Сегодня маршировали его люди, его сограждане. Это мог бы быть и он, если бы он потерял работу в ГЭМ или пережил разрушительную катастрофу в социальной сфере…
— Посмотри на них, — сказала Молли.
— Я емотрю, — ответил Нэт.
— И думаешь: «На их месте мог бы быть и я», правильно? Честно говоря, я сомневаюсь, что у тебя хватит смелости маршировать открыто в защиту своих убеждений, фактически я сомневаюсь, что у тебя вообще есть какие-нибудь убеждения. Смотри. Вот Гольтц.
Она была права. Бертольд Гольтц. Лидер присутствовал сегодня здесь. Как странно он появлялся и исчезал: совершенно невозможно было предсказать, когда и где он может возникнуть. Возможно, Гольтц владел принципом фон Лессингера, принципом передвижения во времени.
Это дало бы Гольтцу, подумал Нэт, определенное преимущество над всеми харизматическими лидерами прошлого в том, что делало его более или менее вечным. Его нельзя было убить в привычном смысле этого. Это, видимо, объясняло, почему правительство не раздавило это движение; он размышлял, почему Николь все это терпит. Она это терпит, потому что она вынуждена это делать.

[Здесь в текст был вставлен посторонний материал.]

Lemma congruent_cone_of_poly (f1 f2 : {mpoly R[n]}) :
  congruent_poly f1 f2 -> congruent_cone (zero_cone f1) (zero_cone f2).
Proof.
move=> [U [c [U_orth c_neq0 f1_eq]]]; exists U; split=> // y; split.
  move=> f2y_eq0; exists (U^T *m y); rewrite orthogonal_mxK //.
  by rewrite /zero_cone f1_eq orthogonal_mxK // f2y_eq0 mulr0.
move=> [x [f1x_eq0 ->]]; move: f1x_eq0; rewrite /zero_cone f1_eq => /eqP.
by rewrite mulf_eq0 (negbTE c_neq0) => /eqP.
Qed.

Lemma congruent_poly_of_cone (f1 f2 : {mpoly R[n]}) :
  f1 \is 3.-homog -> f2 \is 3.-homog -> irreducible_mpoly f1 ->
  congruent_cone (zero_cone f1) (zero_cone f2) -> congruent_poly f1 f2.
Proof.
move=> f1_homog f2_homog f1_irr [U [U_orth F2_eq]].
have [||c f2U_eq] :=
  @eq_scaled_of_vanish_zero_set _ _ _ f1_homog f1_irr (fun x => evalv f2 (U *m x)).
- move=> a w; exists (line_poly f2 (U *m a) (U *m w)).
    exact: (line_poly_dhomog _ _ f2_homog).1.
  by move=> t; rewrite horner_line_poly mulmxDr scalemxAr.
- by move=> x f1x_eq0; apply/F2_eq; exists x.
have [f1_neq0 _ _] := f1_irr; have [a f1a_neq0] := exists_evalv_neq0 f1_neq0.
have c_neq0 : c != 0.
  apply: contra_neq f1a_neq0 => c_eq0.
  have /F2_eq [x [f1x_eq0 Ux_eq]] : zero_cone f2 (U *m a).
    by rewrite /zero_cone f2U_eq c_eq0 mul0r.
  by rewrite -[a](orthogonal_mxTK _ U_orth) Ux_eq orthogonal_mxTK.
exists U, c^-1; split => // [|x]; first by rewrite invr_eq0.
by rewrite f2U_eq mulKf.
Qed.

End Congruence.

Theorem proposition1 (R : realType) (n : nat) (f1 f2 : {mpoly R[n]}) :
  f1 \is 3.-homog -> f2 \is 3.-homog ->
  irreducible_mpoly f1 -> irreducible_mpoly f2 ->
  (congruent_poly f1 f2 <-> congruent_cone (zero_cone f1) (zero_cone f2)).
Proof.
move=> f1_homog f2_homog f1_irr _; split; first exact: congruent_cone_of_poly.
exact: congruent_poly_of_cone.
Qed.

Технически Гольтца можно было убить, но Гольтц ранних времен просто переместился бы в будущее и заменил его; Гольтц бы продолжался, не старея и не меняясь, и его движение бы однозначно процветало, потому что у них был лидер, на которого можно рассчитывать, что он не пойдет путем Адольфа Гитлера, у которого не будет пареза или другой дегенеративной болезни.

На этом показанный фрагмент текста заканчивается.